Assessing interaction recovery of predicted protein-ligand poses

David Errington,Constantin Schneider,Cédric Bouysset,Frédéric A. Dreyer
2024-09-30
Abstract:The field of protein-ligand pose prediction has seen significant advances in recent years, with machine learning-based methods now being commonly used in lieu of classical docking methods or even to predict all-atom protein-ligand complex structures. Most contemporary studies focus on the accuracy and physical plausibility of ligand placement to determine pose quality, often neglecting a direct assessment of the interactions observed with the protein. In this work, we demonstrate that ignoring protein-ligand interaction fingerprints can lead to overestimation of model performance, most notably in recent protein-ligand cofolding models which often fail to recapitulate key interactions.
Biomolecules,Machine Learning
What problem does this paper attempt to address?

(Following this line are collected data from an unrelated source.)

(* Let $\mathbb F_q$ be a finite field with $q$ elements, let $n\ge 2$, let $a_1,\dots,a_n,b\in\mathbb F_q^*$, and let $m_1,\dots,m_n,k,k_1,\dots,k_n$ be positive integers. Put $M=\operatorname{lcm}[m_1,\dots,m_n]$ and $d_j=\gcd(m_j,q-1)$ for $j=1,\dots,n$. Assume that $$\gcd\Bigl(\sum_{j=1}^n \frac{k_jM}{m_j}-kM,\;q-1\Bigr)=1.$$ Then $$N\bigl[(a_1x_1^{m_1}+\dots+a_nx_n^{m_n})^k=bx_1^{k_1}\cdots x_n^{k_n}\bigr]=(q-1)^{n-1}+N\bigl[a_1x_1^{d_1}+\dots+a_nx_n^{d_n}=0\bigr]-\frac{q}{q-1}\,N^*\bigl[a_1x_1^{d_1}+\dots+a_nx_n^{d_n}=0\bigr].$$
   Context: For polynomials $f_1,f_2$ over $\mathbb F_q$, $N[f_1(x_1,\dots,x_n)=f_2(x_1,\dots,x_n)]$ denotes the number of solutions $(x_1,\dots,x_n)\in\mathbb F_q^n$ of the equation, and $N^*[\cdot]$ denotes the number of such solutions with $x_1\cdots x_n\ne 0$. $\mathbb F_q^*=\mathbb F_q\setminus\{0\}$. *)

From HB Require Import structures.
From mathcomp Require Import all_boot all_order all_algebra all_field.
Set Implicit Arguments. Unset Strict Implicit. Unset Printing Implicit Defensive.
Import Order.TTheory GRing.Theory Num.Theory.
Local Open Scope ring_scope.

Definition Ncount (F : finFieldType) (n : nat) (P : {ffun 'I_n -> F} -> bool) : nat :=
  #|[set x : {ffun 'I_n -> F} | P x]|.

Definition Nstar (F : finFieldType) (n : nat) (P : {ffun 'I_n -> F} -> bool) : nat :=
  #|[set x : {ffun 'I_n -> F} | P x && [forall i, x i != 0]]|.

From HB Require Import structures.
From mathcomp Require Import all_boot all_order all_algebra all_field.
From mathcomp Require Import ring.
Import Order.TTheory GRing.Theory Num.Theory.
Set Implicit Arguments. Unset Strict Implicit.
Local Open Scope ring_scope.

(* The torus F^* acts on points with nonzero coordinates by
   t.x = (t^(M/m_j) x_j)_j, which multiplies the diagonal form S by t^M and the
   monomial x^kk by t^w, where w = sum_j k_j M/m_j.  Along the orbit of such a
   point y the equation becomes t^(w - kM) = S(y)^k / (b y^kk); as w - kM is
   prime to q - 1, the map t |-> t^(w - kM) permutes F^*, so there is exactly
   one solution t if S(y) <> 0 and none otherwise.  Double counting gives
   (q - 1) N^*[equation] = (q - 1)^n - N^*[S = 0], while a point with a zero
   coordinate solves the equation iff S = 0.  Finally, t |-> t^m_j and
   t |-> t^d_j have fibres of the same size over every value, so replacing the
   exponents m_j by d_j changes neither N[S = 0] nor N^*[S = 0]. *)

Lemma card_set_sum (T : finType) (P : pred T) : #|[set x | P x]| = (\sum_x P x)%N.
Proof. by rewrite -sum1dep_card big_mkcond; apply: eq_bigr => x _; case: (P x). Qed.

Lemma card_set_split (T : finType) (P Q : pred T) :
  #|[set x | P x]| = (#|[set x | P x && Q x]| + #|[set x | P x && ~~ Q x]|)%N.
Proof.
rewrite !card_set_sum -big_split; apply: eq_bigr => x _.
by case: (P x); case: (Q x).
Qed.

Lemma card_preimset_fibres (T U : finType) (h : T -> U) (Q : pred U) :
  #|[set x | Q (h x)]| = (\sum_(y | Q y) #|[set x | h x == y]|)%N.
Proof.
rewrite -sum1dep_card (partition_big h Q) //=; apply: eq_bigr => y Qy.
by rewrite -sum1dep_card; apply: eq_bigl => x; rewrite andbC; case: eqP => //= ->.
Qed.

Section CoordinatewiseMaps.
Variables (I T U : finType).

Definition map_coords (f : I -> T -> U) (x : {ffun I -> T}) : {ffun I -> U} :=
  [ffun i => f i (x i)].

Lemma card_map_coords_fibre (f : I -> T -> U) (y : {ffun I -> U}) :
  #|[set x | map_coords f x == y]| = (\prod_i #|[set t | f i t == y i]|)%N.
Proof.
under eq_bigr do rewrite card_set_sum.
rewrite bigA_distr_bigA card_set_sum /=; apply: eq_bigr => x _.
have -> : (map_coords f x == y) = [forall i, f i (x i) == y i].
  apply/eqP/forallP => [<- i | fxy]; first by rewrite ffunE.
  by apply/ffunP => i; rewrite ffunE; apply/eqP.
case: forallP => [fxy | /forallP/forallPn [i /negPf fxy]].
  by rewrite big1 // => i _; rewrite fxy.
by rewrite (bigD1 i) //= fxy.
Qed.

Lemma card_map_coords_eq (f g : I -> T -> U) (Q : pred {ffun I -> U}) :
  (forall i u, #|[set t | f i t == u]| = #|[set t | g i t == u]|) ->
  #|[set x | Q (map_coords f x)]| = #|[set x | Q (map_coords g x)]|.
Proof.
move=> fg; rewrite !card_preimset_fibres; apply: eq_bigr => y _.
by rewrite !card_map_coords_fibre; apply: eq_bigr.
Qed.

End CoordinatewiseMaps.

Section PowerMaps.
Variable F : finFieldType.
Local Notation q := #|F|.

Lemma expf_card_pred (t : F) : t != 0 -> t ^+ q.-1 = 1.
Proof.
move=> t0; apply: (mulfI t0); rewrite mulr1 -exprS prednK ?expf_card //.
by apply/card_gt0P; exists t.
Qed.

(* Bezout, together with t^(q-1) = 1. *)
Lemma exprz_gcdz (t : F) (z : int) :
  t != 0 -> exists u : int, t ^ gcdz z q.-1 = (t ^ z) ^ u.
Proof.
move=> t0; have [u [v <-]] := Bezoutz z q.-1; exists u.
rewrite expfzDr // -!exprz_exp [(t ^ v) ^ _]exprzAC -exprnP expf_card_pred //.
by rewrite exp1rz mulr1 exprzAC.
Qed.

Lemma set_expr_eq0 (m : nat) : (0 < m)%N -> [set t : F | t ^+ m == 0] = [set 0].
Proof. by move=> m0; apply/setP => t; rewrite !inE expf_eq0 m0. Qed.

Lemma card_expr_fibre_kernel (m : nat) (u : F) : u != 0 ->
  #|[set t | t ^+ m == u ^+ m]| = #|[set t : F | t ^+ m == 1]|.
Proof.
move=> u0; rewrite -(card_imset _ (mulfI u0)); apply: eq_card => t.
rewrite inE; apply/eqP/imsetP => [tu | [v]]; last first.
  by rewrite inE => /eqP v1 ->; rewrite exprMn v1 mulr1.
exists (u^-1 * t); last by rewrite mulrA divff ?mul1r.
by rewrite inE exprMn tu exprVn mulVf // expf_neq0.
Qed.

(* Both power maps have the same kernel and the same image, and their nonempty
   fibres over nonzero values are cosets of the kernel. *)
Lemma card_expr_fibre_gcdn (m : nat) (s : F) : (0 < m)%N ->
  #|[set t | t ^+ m == s]| = #|[set t | t ^+ gcdn m q.-1 == s]|.
Proof.
move=> m0; set g := gcdn m q.-1.
have g0 : (0 < g)%N by rewrite gcdn_gt0 m0.
have [-> | s0] := eqVneq s 0; first by rewrite !set_expr_eq0.
have gE (t : F) : t != 0 -> exists u : int, t ^+ g = (t ^ u) ^+ m.
  move=> t0; have [u] := exprz_gcdz m t0.
  by rewrite exprzAC; exists u.
have mE (t : F) : t ^+ m = (t ^+ (m %/ g)) ^+ g.
  by rewrite -exprM divnK ?dvdn_gcdl.
have kerE : [set t : F | t ^+ m == 1] = [set t | t ^+ g == 1].
  apply/setP => t; rewrite !inE; apply/eqP/eqP => [tm1 | tg1]; last first.
    by rewrite mE -exprM mulnC exprM tg1 expr1n.
  have t0 : t != 0.
    by apply: contra_eq_neq tm1 => ->; rewrite expr0n gtn_eqF // eq_sym oner_eq0.
  have [u ->] := gE t t0.
  by rewrite exprnP exprzAC -exprnP tm1 exp1rz.
have [w /eqP ws | no_root_m] := pickP (fun w : F => w ^+ m == s).
  have w0 : w != 0 by apply: contraNneq s0 => w0; rewrite -ws w0 expr0n gtn_eqF.
  by rewrite -ws {2}mE !card_expr_fibre_kernel ?kerE // expf_neq0.
have no_root_g (w : F) : w ^+ g != s.
  have [-> | w0] := eqVneq w 0; first by rewrite expr0n gtn_eqF // eq_sym.
  by have [u ->] := gE w w0; rewrite no_root_m.
rewrite (_ : [set t | _] = set0); last by apply/setP => t; rewrite !inE no_root_m.
rewrite (_ : [set t | _] = set0) //.
by apply/setP => t; rewrite !inE (negPf (no_root_g t)).
Qed.

Lemma card_exprz_eq (z : int) (c : F) : gcdz z q.-1 = 1 ->
  #|[set t | (t != 0) && (t ^ z == c)]| = (c != 0).
Proof.
move=> z_cop; set D := [set t : F | t != 0].
have z_inj : {in D &, injective (fun t => t ^ z)}.
  move=> t s; rewrite !inE => t0 s0 ts.
  have ts0 : t / s != 0 by rewrite mulf_neq0 ?invr_eq0.
  have [u] := exprz_gcdz z ts0.
  rewrite z_cop -[(t / s) ^ 1]/((t / s) ^+ 1) expr1 expfzMl -expfV ts.
  by rewrite divff ?expfz_neq0 // exp1rz => /divr1_eq.
have imD : [set t ^ z | t in D] = D.
  apply/eqP; rewrite eqEcard card_in_imset // leqnn andbT.
  by apply/subsetP => x /imsetP [t]; rewrite inE => t0 ->; rewrite inE expfz_neq0.
have [-> | c0] := eqVneq c 0.
  rewrite (_ : [set t | _] = set0) ?cards0 //; apply/setP => t; rewrite !inE.
  by have [-> | t0] := eqVneq t 0; rewrite ?eqxx //= (negPf (expfz_neq0 _ t0)).
have : c \in [set t ^ z | t in D] by rewrite imD inE.
case/imsetP => t0; rewrite inE => t00 ->; rewrite [RHS]/= -(cards1 t0).
apply: eq_card => t; rewrite !inE; apply/andP/eqP => [[t_0 /eqP] | ->] //.
by apply: z_inj; rewrite // inE.
Qed.

End PowerMaps.

Section DiagonalForms.
Variables (F : finFieldType) (n : nat).
Implicit Types (a : 'I_n -> F) (e : 'I_n -> nat) (x : {ffun 'I_n -> F}).

Definition diag_form a e x := \sum_j a j * x j ^+ e j.

Definition nonzero_coords x := [forall j, x j != 0].

Lemma card_nonzero_coords : #|[set x | nonzero_coords x]| = (#|F|.-1 ^ n)%N.
Proof.
rewrite -[n in (_ ^ n)%N]card_ord -(cardC1 (0 : F)) -card_ffun_on.
apply: eq_card => x; rewrite inE.
by apply/forallP/ffun_onP => x0 j; have := x0 j; rewrite !inE.
Qed.

Lemma diag_form_map_coords a e x :
  diag_form a e x = diag_form a (fun=> 1%N) (map_coords (fun j t => t ^+ e j) x).
Proof. by apply: eq_bigr => j _; rewrite ffunE. Qed.

Lemma nonzero_coords_map_coords (e : 'I_n -> nat) x : (forall j, 0 < e j)%N ->
  nonzero_coords (map_coords (fun j t => t ^+ e j) x) = nonzero_coords x.
Proof. by move=> e0; apply: eq_forallb => j; rewrite ffunE expf_eq0 e0. Qed.

Lemma card_diag_form_gcdn (P : F -> bool -> bool) a (m : 'I_n -> nat) :
  (forall j, 0 < m j)%N ->
  #|[set x | P (diag_form a m x) (nonzero_coords x)]|
  = #|[set x | P (diag_form a (fun j => gcdn (m j) #|F|.-1) x) (nonzero_coords x)]|.
Proof.
move=> m0; have d0 j : (0 < gcdn (m j) #|F|.-1)%N by rewrite gcdn_gt0 m0.
pose Q y := P (diag_form a (fun=> 1%N) y) (nonzero_coords y).
transitivity #|[set x | Q (map_coords (fun j t => t ^+ m j) x)]|.
  by apply: eq_card => x; rewrite !inE /Q -diag_form_map_coords nonzero_coords_map_coords.
rewrite (@card_map_coords_eq _ _ _ _ (fun j t => t ^+ gcdn (m j) #|F|.-1) Q
  (fun j s => card_expr_fibre_gcdn s (m0 j))).
by apply: eq_card => x; rewrite !inE /Q -diag_form_map_coords nonzero_coords_map_coords.
Qed.

End DiagonalForms.

Section TorusAction.
Variables (F : finFieldType) (n : nat) (a : 'I_n -> F) (b : F).
Variables (m kk : 'I_n -> nat) (k M : nat).
Hypotheses (b0 : b != 0) (k0 : (0 < k)%N) (m_dvd_M : forall j, (m j %| M)%N).
Implicit Types (x y : {ffun 'I_n -> F}) (t : F).
Local Notation q := #|F|.
Local Notation w := (\sum_j kk j * (M %/ m j))%N.

Definition power_eq x := diag_form a m x ^+ k == b * \prod_j x j ^+ kk j.

Definition torus_act t x := [ffun j => t ^+ (M %/ m j) * x j].

Lemma diag_form_act t x : diag_form a m (torus_act t x) = t ^+ M * diag_form a m x.
Proof.
rewrite /diag_form mulr_sumr; apply: eq_bigr => j _.
by rewrite ffunE exprMn -exprM divnK // mulrCA.
Qed.

Lemma monomial_act t x :
  \prod_j torus_act t x j ^+ kk j = t ^+ w * \prod_j x j ^+ kk j.
Proof.
rewrite -prodrXr -big_split /=; apply: eq_bigr => j _.
by rewrite ffunE exprMn -exprM mulnC.
Qed.

Lemma torus_act_inj t : t != 0 -> injective (torus_act t).
Proof.
move=> t0 x y /ffunP xy; apply/ffunP => j; have := xy j; rewrite !ffunE.
by apply: mulfI; rewrite expf_neq0.
Qed.

Lemma nonzero_coords_act t x : t != 0 -> nonzero_coords (torus_act t x) = nonzero_coords x.
Proof. by move=> t0; apply: eq_forallb => j; rewrite ffunE mulf_eq0 negb_or expf_neq0. Qed.

Lemma power_eq_act t y : t != 0 -> nonzero_coords y ->
  power_eq (torus_act t y)
  = (t ^ (w%:Z - (k * M)%N%:Z) == diag_form a m y ^+ k / (b * \prod_j y j ^+ kk j)).
Proof.
move=> t0 /forallP y0.
have rhs0 : b * \prod_j y j ^+ kk j != 0.
  by rewrite mulf_neq0 //; apply/prodf_neq0 => j _; rewrite expf_neq0.
rewrite expfzDr // -exprnN -exprnP eqr_div ?expf_neq0 //.
rewrite /power_eq diag_form_act monomial_act exprMn -exprM mulnC.
by rewrite mulrCA [_ * t ^+ _]mulrC eq_sym.
Qed.

Hypothesis w_cop : gcdz (w%:Z - (k * M)%N%:Z) q.-1 = 1.

Lemma card_orbit_solutions y : nonzero_coords y ->
  #|[set t | (t != 0) && power_eq (torus_act t y)]| = (diag_form a m y != 0).
Proof.
move=> y0.
transitivity #|[set t | (t != 0) &&
    (t ^ (w%:Z - (k * M)%N%:Z) == diag_form a m y ^+ k / (b * \prod_j y j ^+ kk j))]|.
  by apply: eq_card => t; rewrite !inE; case: eqVneq => //= t0; rewrite power_eq_act.
have prod0 : \prod_j y j ^+ kk j != 0.
  by apply/prodf_neq0 => j _; rewrite expf_neq0 //; apply: (forallP y0).
rewrite card_exprz_eq // mulf_eq0 invr_eq0 expf_eq0 k0 mulf_eq0 (negPf b0).
by rewrite (negPf prod0) /= orbF.
Qed.

Lemma card_nonzero_solutions :
  (#|[set x | power_eq x && nonzero_coords x]| * q.-1
   = #|[set x | (diag_form a m x != 0%R) && nonzero_coords x]|)%N.
Proof.
rewrite -[q.-1](cardC1 (0 : F)) mulnC -sum_nat_const.
transitivity (\sum_(t in predC1 0%R)
                \sum_y (power_eq (torus_act t y) && nonzero_coords y : nat))%N.
  apply: eq_bigr => t; rewrite inE => t0.
  rewrite card_set_sum (reindex_inj (torus_act_inj t0)) /=.
  by apply: eq_bigr => y _; rewrite nonzero_coords_act.
rewrite exchange_big card_set_sum /=; apply: eq_bigr => y _.
have [y0 | ny0] := boolP (nonzero_coords y); last first.
  by rewrite andbF big1 // => t _; rewrite andbF.
rewrite andbT -card_orbit_solutions // card_set_sum big_mkcond /=.
by apply: eq_bigr => t _; rewrite inE andbT; case: (t != 0%R).
Qed.

Hypothesis kk0 : forall j, (0 < kk j)%N.

Lemma power_eq_zero_coord x : ~~ nonzero_coords x -> power_eq x = (diag_form a m x == 0).
Proof.
case/forallPn => i /negPn /eqP xi.
by rewrite /power_eq (bigD1 i) //= xi expr0n gtn_eqF // mul0r mulr0 expf_eq0 k0.
Qed.

Lemma card_power_eq_solutions : (0 < n)%N ->
  (#|[set x | power_eq x]|%:R : rat)
  = q.-1%:R ^+ n.-1 + #|[set x | diag_form a m x == 0]|%:R
    - q%:R / q.-1%:R * #|[set x | (diag_form a m x == 0) && nonzero_coords x]|%:R.
Proof.
move=> n0; set S := diag_form a m.
set A := #|[set x | power_eq x && nonzero_coords x]|.
set Z := #|[set x | (S x == 0) && nonzero_coords x]|.
set B := #|[set x | (S x == 0) && ~~ nonzero_coords x]|.
have -> : #|[set x | power_eq x]| = (A + B)%N.
  rewrite (card_set_split _ (@nonzero_coords F n)); congr (_ + _)%N.
  apply: eq_card => x; rewrite !inE.
  by case: (boolP (nonzero_coords x)) => [_ | /power_eq_zero_coord ->]; rewrite ?andbF.
rewrite (card_set_split _ (@nonzero_coords F n)) -/Z -/B.
have AZ : (A * q.-1 + Z = q.-1 ^ n)%N.
  rewrite card_nonzero_solutions -card_nonzero_coords addnC.
  rewrite [RHS](card_set_split _ (fun x => S x == 0)).
  by congr (_ + _)%N; apply: eq_card => x; rewrite !inE andbC.
have q_gt1 : (1 < q)%N := card_finNzRing_gt1 F.
have q1 : q.-1%:R != 0 :> rat by rewrite pnatr_eq0 -lt0n -subn1 subn_gt0.
have -> : q%:R = q.-1%:R + 1 :> rat by rewrite natr1 prednK // ltnW.
have Z_eq : Z%:R = q.-1%:R * q.-1%:R ^+ n.-1 - A%:R * q.-1%:R :> rat.
  by rewrite -exprS prednK // -natrM -natrX -AZ natrD natrM addrC addKr.
by rewrite !natrD Z_eq; field.
Qed.

End TorusAction.

Theorem theorem3 (F : finFieldType) (n : nat) (hn : (2 <= n)%N)
  (a : 'I_n -> F) (b : F) (ha : forall j, a j != 0) (hb : b != 0)
  (m : 'I_n -> nat) (k : nat) (kk : 'I_n -> nat)
  (hm : forall j, (0 < m j)%N) (hk : (0 < k)%N) (hkk : forall j, (0 < kk j)%N) :
  let q := #|F| in
  let M := (\big[lcmn/1%N]_(j < n) m j)%N in
  let d := fun j => gcdn (m j) q.-1 in
  gcdz ((\sum_(j < n) ((kk j * (M %/ m j))%N)%:Z) - (k * M)%N%:Z) (q.-1)%:Z = 1 ->
  ((Ncount (fun x : {ffun 'I_n -> F} =>
       (\sum_(j < n) a j * x j ^+ m j) ^+ k == b * \prod_(j < n) x j ^+ kk j))%:R : rat)
  = (q.-1)%:R ^+ n.-1
    + (Ncount (fun x : {ffun 'I_n -> F} => \sum_(j < n) a j * x j ^+ d j == 0))%:R
    - q%:R / (q.-1)%:R
      * (Nstar (fun x : {ffun 'I_n -> F} => \sum_(j < n) a j * x j ^+ d j == 0))%:R.
Proof.
move=> q M d cop.
have m_dvd_M j : (m j %| M)%N by apply: (biglcmn_sup j).
have w_cop : gcdz ((\sum_j kk j * (M %/ m j))%N%:Z - (k * M)%N%:Z) q.-1 = 1.
  by rewrite (big_morph Posz PoszD (erefl 0%:Z)).
have := card_power_eq_solutions a hb hk m_dvd_M w_cop hkk (ltnW hn).
rewrite (card_diag_form_gcdn (fun s _ => s == 0) a hm).
rewrite (card_diag_form_gcdn (fun s nz => (s == 0) && nz) a hm).
exact.
Qed.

The paper primarily aims to address the issue of evaluating the performance of different methods in recovering key protein-ligand interactions in the prediction of protein-ligand complex structures. Specifically: 1. **Problem Background**: In recent years, machine learning-based methods have made significant progress in predicting protein-ligand binding poses. These methods are often used to replace traditional docking methods and can even directly predict the full-atom protein-ligand complex structures. However, existing studies mostly focus on the accuracy of ligand positioning and its physical plausibility, while neglecting the direct evaluation of observed protein-ligand interactions. 2. **Research Objective**: This paper demonstrates through experiments that ignoring protein-ligand interaction fingerprints (PLIFs) can lead to an overestimation of model performance, especially in some recent protein-ligand co-folding models, which often fail to reproduce key interactions. Therefore, the authors propose using PLIFs as a useful metric for evaluating model quality and benchmark various modern pose prediction tools with it. 3. **Method Comparison**: The paper compares several classical docking algorithms (e.g., GOLD), machine learning docking algorithms (e.g., DiffDock-L), and protein-ligand co-folding models (e.g., RoseTTAFold-AllAtom). It finds that classical docking algorithms generally perform better than machine learning methods in recovering key interactions. Classical methods are particularly more effective in recovering important interactions such as hydrogen bonds. 4. **Conclusion**: By introducing the new metric of PLIF recovery rate, the paper emphasizes that in drug discovery applications, in addition to focusing on RMSD and PoseBuster effectiveness, it is also important to pay attention to the recovery of protein-ligand interactions. This provides a direction for future improvements in machine learning models, such as incorporating explicit PLIF or pharmacophore-sensitive loss functions during training.